• What you need to do:
From the listing below, pick out each line with the word "andP".

• Records shown:
================================

(* Let $Q=\Diamond abcd$ be a convex quadrilateral with vertices $a,b,c,d$ in clockwise order, such that the diagonal $\overline{ac}$ is horizontal, $|ac|=1$, and $1$ is the diameter of $Q$. Let $\Box efgh$ be the smallest axis-parallel rectangle containing $Q$, with horizontal side length $1$ and vertical side length $W$, where $\frac{2}{\sqrt5}<W\le 1$; $a$ lies on its left side $\overline{gh}$, $b$ on its top side $\overline{he}$, $c$ on its right side $\overline{ef}$ and $d$ on its bottom side $\overline{fg}$. Assume that $\overline{ac}$ lies on or below the horizontal line through the midpoints of the left and right sides, and that $b$ lies to the right of the midpoint of the top side. Let $m_1$ be the midpoint of $\overline{ab}$ and let $z$ be the point where the perpendicular bisector of $\overline{ab}$, starting at $m_1$ and going into $Q$, meets the boundary of $Q$. If $z$ lies on the edge $\overline{cd}$, then $|m_1z|\ge \frac W2$. *)

From mathcomp Require Import all_boot all_order all_algebra.
Set Implicit Arguments. Unset Strict Implicit. Unset Printing Implicit Defensive.
Import Order.TTheory GRing.Theory Num.Theory.
Local Open Scope ring_scope.

Definition pt (R : rcfType) := (R * R)%type.

Definition px {R : rcfType} (p : pt R) : R := p.1.
Definition py {R : rcfType} (p : pt R) : R := p.2.

Definition dist {R : rcfType} (p q : pt R) : R :=
  Num.sqrt ((px p - px q) ^+ 2 + (py p - py q) ^+ 2).

(* cross product of (q - p) and (r - q): negative iff p -> q -> r turns right
   (clockwise). *)
Definition turn {R : rcfType} (p q r : pt R) : R :=
  (px q - px p) * (py r - py q) - (py q - py p) * (px r - px q).

Definition convex_quad_cw {R : rcfType} (a b c d : pt R) : Prop :=
  [/\ turn a b c < 0, turn b c d < 0, turn c d a < 0 & turn d a b < 0].

Definition in_quad {R : rcfType} (a b c d p : pt R) : Prop :=
  exists la lb lc ld : R,
    [/\ 0 <= la, 0 <= lb, 0 <= lc & 0 <= ld] /\
    [/\ la + lb + lc + ld = 1,
        px p = la * px a + lb * px b + lc * px c + ld * px d
      & py p = la * py a + lb * py b + lc * py c + ld * py d].

Definition diameter_is {R : rcfType} (a b c d : pt R) (D : R) : Prop :=
  (forall p q, in_quad a b c d p -> in_quad a b c d q -> dist p q <= D) /\
  (exists p q, [/\ in_quad a b c d p, in_quad a b c d q & dist p q = D]).

Definition on_segment {R : rcfType} (u v p : pt R) : Prop :=
  exists t : R, [/\ 0 <= t, t <= 1,
    px p = px u + t * (px v - px u) & py p = py u + t * (py v - py u)].

Definition midpoint {R : rcfType} (p q : pt R) : pt R :=
  ((px p + px q) / 2, (py p + py q) / 2).

From mathcomp Require Import all_boot all_order all_algebra.
From mathcomp Require Import ring lra.
Set Implicit Arguments. Unset Strict Implicit. Unset Printing Implicit Defensive.
Import Order.TTheory GRing.Theory Num.Theory.
Local Open Scope ring_scope.

(* After translating, a = (0, h), b = (p, W), c = (1, h) and d = (q, 0) with
   0 <= h <= W/2.  In fact W/2 is at most the distance from m1 to the whole
   line cd, i.e. |turn c d m1| / |cd|, so the direction of the ray is irrelevant.
   Here turn c d m1 = -((1-q) W + h (1-p+q)) / 2 and |cd|^2 = (1-q)^2 + h^2, and
   the resulting polynomial inequality follows from |bd| <= 1, which forces
   p - q < 2/3 because W^2 > 4/5. *)

Section Plane.

Context {R : rcfType}.
Implicit Types (p q r c d m z : pt R).

Lemma sqr_dist p q : dist p q ^+ 2 = (px p - px q) ^+ 2 + (py p - py q) ^+ 2.
Proof. by rewrite sqr_sqrtr // addr_ge0 ?sqr_ge0. Qed.

Lemma px_midpoint p q : px (midpoint p q) = (px p + px q) / 2.
Proof. by []. Qed.

Lemma py_midpoint p q : py (midpoint p q) = (py p + py q) / 2.
Proof. by []. Qed.

Lemma turn_rot p q r : turn p q r = turn q r p.
Proof. by rewrite /turn; ring. Qed.

(* Lagrange's identity |u|^2 |v|^2 = (u x v)^2 + (u . v)^2 for u = d - c and
   v = m - z, using (d - c) x (z - d) = 0. *)
Lemma sqr_turn_le_dist_line c d m z (t : R) :
  px z = px c + t * (px d - px c) -> py z = py c + t * (py d - py c) ->
  turn c d m ^+ 2 <= dist c d ^+ 2 * dist m z ^+ 2.
Proof.
move=> zx zy.
have -> : dist c d ^+ 2 * dist m z ^+ 2 = turn c d m ^+ 2 +
    ((px d - px c) * (px m - px z) + (py d - py c) * (py m - py z)) ^+ 2.
  by rewrite !sqr_dist /turn zx zy; ring.
by rewrite lerDl sqr_ge0.
Qed.

Lemma dist_gt0_of_turn p q r : turn p q r != 0 -> 0 < dist q r.
Proof.
move=> turn_neq0; rewrite lt_def sqrtr_ge0 andbT.
apply: contra turn_neq0 => /eqP qr0.
have := @sqr_turn_le_dist_line q r p r 1.
rewrite -turn_rot qr0 expr0n mul0r le_eqVlt ltNge sqr_ge0 orbF sqrf_eq0.
by apply; ring.
Qed.

Lemma diameter_dist_bd a b c d (D : R) : diameter_is a b c d D -> dist b d <= D.
Proof.
case=> diamP _; apply: diamP.
- by exists 0, 1, 0, 0; split; [split; lra | split; ring].
- by exists 0, 0, 0, 1; split; [split; lra | split; ring].
Qed.

End Plane.

Lemma one_le_sqr_add_4mul (R : realFieldType) (k s : R) :
  1 / 3 <= k -> 0 <= s -> 1 - k <= s -> 1 <= k ^+ 2 + 4 * k * s.
Proof.
move=> k_ge s_ge0 s_ge.
have ks_ge : 0 <= k * (s - (1 - k)) by apply: mulr_ge0; lra.
case: (lerP k 1) => k1; last nra.
have : 0 <= (3 * k - 1) * (1 - k) by apply: mulr_ge0; lra.
nra.
Qed.

Lemma sqr_width_le_cross (R : realFieldType) (h W p q : R) :
  0 <= h -> 2 * h <= W -> W <= 1 -> p <= 1 -> q <= 1 ->
  (p - q) ^+ 2 + W ^+ 2 <= 1 -> 5 / 9 < W ^+ 2 ->
  W ^+ 2 * ((1 - q) ^+ 2 + h ^+ 2) <= ((1 - q) * W + h * (1 - p + q)) ^+ 2.
Proof.
move=> h_ge0 hW W1 p1 q1 bd W2.
set k := 1 - p + q; set s := 1 - q.
have k_ge : 1 / 3 <= k.
  rewrite /k; case: (lerP (p - q) (2 / 3)) => pq; first lra.
  have : 4 / 9 < (p - q) ^+ 2 by nra.
  lra.
have ks_ge0 : 0 <= k * s by apply: mulr_ge0; rewrite /s; lra.
have kks : 1 <= k ^+ 2 + 4 * k * s.
  by apply: one_le_sqr_add_4mul => //; rewrite /s /k; lra.
have diffE : ((1 - q) * W + h * k) ^+ 2 - W ^+ 2 * (s ^+ 2 + h ^+ 2) =
    h * (h * (k ^+ 2 + 4 * k * s - W ^+ 2) + 2 * k * s * (W - 2 * h)).
  by rewrite /s; ring.
rewrite -subr_ge0 diffE; apply: mulr_ge0 => //.
by apply: addr_ge0; [apply: mulr_ge0 => //; nra | apply: mulr_ge0; lra].
Qed.

Theorem lemma6 (R : rcfType) (a b c d : pt R) (x0 y0 W : R) :
  convex_quad_cw a b c d ->
  py a = py c ->
  dist a c = 1 ->
  diameter_is a b c d 1 ->
  2 / Num.sqrt 5 < W -> W <= 1 ->
  (* a on left side gh, b on top side he, c on right side ef, d on bottom fg *)
  px a = x0 -> y0 <= py a <= y0 + W ->
  py b = y0 + W -> x0 <= px b <= x0 + 1 ->
  px c = x0 + 1 -> y0 <= py c <= y0 + W ->
  py d = y0 -> x0 <= px d <= x0 + 1 ->
  (* ac on or below the line through the midpoints of the left/right sides *)
  py a <= y0 + W / 2 ->
  (* b to the right of the midpoint of the top side *)
  x0 + 1 / 2 < px b ->
  forall z : pt R,
    (exists t : R, 0 < t /\
       z = (px (midpoint a b) + t * (py b - py a),
            py (midpoint a b) - t * (px b - px a))) ->
    on_segment c d z ->
    W / 2 <= dist (midpoint a b) z.
Proof.
move=> [_ bcd_cw _ _] ac_y _ diam W_gt W1 ax /andP[ya_ge _] yb /andP[_ xb1] cx _
  yd /andP[_ xd1] ya_mid _ z _ [t [_ _ zx zy]].
set h := py a - y0; set p := px b - x0; set q := px d - x0.
have bd : (p - q) ^+ 2 + W ^+ 2 <= 1.
  have bd1 := diameter_dist_bd diam.
  have : dist b d ^+ 2 <= 1 by rewrite -(expr1n _ 2) ler_sqr ?nnegrE ?sqrtr_ge0.
  by rewrite sqr_dist yb yd /p /q; congr (_ <= _); ring.
have W2 : 5 / 9 < W ^+ 2.
  have sqrt5_gt0 : 0 < Num.sqrt (5 : R) by rewrite sqrtr_gt0; lra.
  have sqrt5_sqr : Num.sqrt (5 : R) ^+ 2 = 5 by rewrite sqr_sqrtr //; lra.
  have : 2 < W * Num.sqrt 5 by rewrite -ltr_pdivrMr.
  nra.
set N := (1 - q) * W + h * (1 - p + q).
have cross_ge : W ^+ 2 * ((1 - q) ^+ 2 + h ^+ 2) <= N ^+ 2.
  by apply: sqr_width_le_cross => //; rewrite /h /p /q; lra.
have turnE : turn c d (midpoint a b) = - N / 2.
  by rewrite /turn px_midpoint py_midpoint cx yd yb ax -ac_y /N /p /q /h; field.
have cdE : dist c d ^+ 2 = (1 - q) ^+ 2 + h ^+ 2.
  by rewrite sqr_dist cx yd -ac_y /q /h; ring.
have cd_gt0 : 0 < dist c d ^+ 2.
  by rewrite exprn_gt0 // (dist_gt0_of_turn (ltr0_neq0 bcd_cw)).
have line := sqr_turn_le_dist_line (midpoint a b) zx zy.
rewrite -ler_sqr ?nnegrE ?sqrtr_ge0 //; last lra.
rewrite -(ler_pM2l cd_gt0); apply: le_trans line; rewrite turnE cdE.
have -> : ((1 - q) ^+ 2 + h ^+ 2) * (W / 2) ^+ 2 =
  W ^+ 2 * ((1 - q) ^+ 2 + h ^+ 2) / 4 by field.
have -> : (- N / 2) ^+ 2 = N ^+ 2 / 4 by field.
by rewrite ler_pM2r ?invr_gt0.
Qed.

================================

• Worked solution:
move=> [_ bcd_cw _ _] ac_y _ diam W_gt W1 ax /andP[ya_ge _] yb /andP[_ xb1] cx _
  yd /andP[_ xd1] ya_mid _ z _ [t [_ _ zx zy]].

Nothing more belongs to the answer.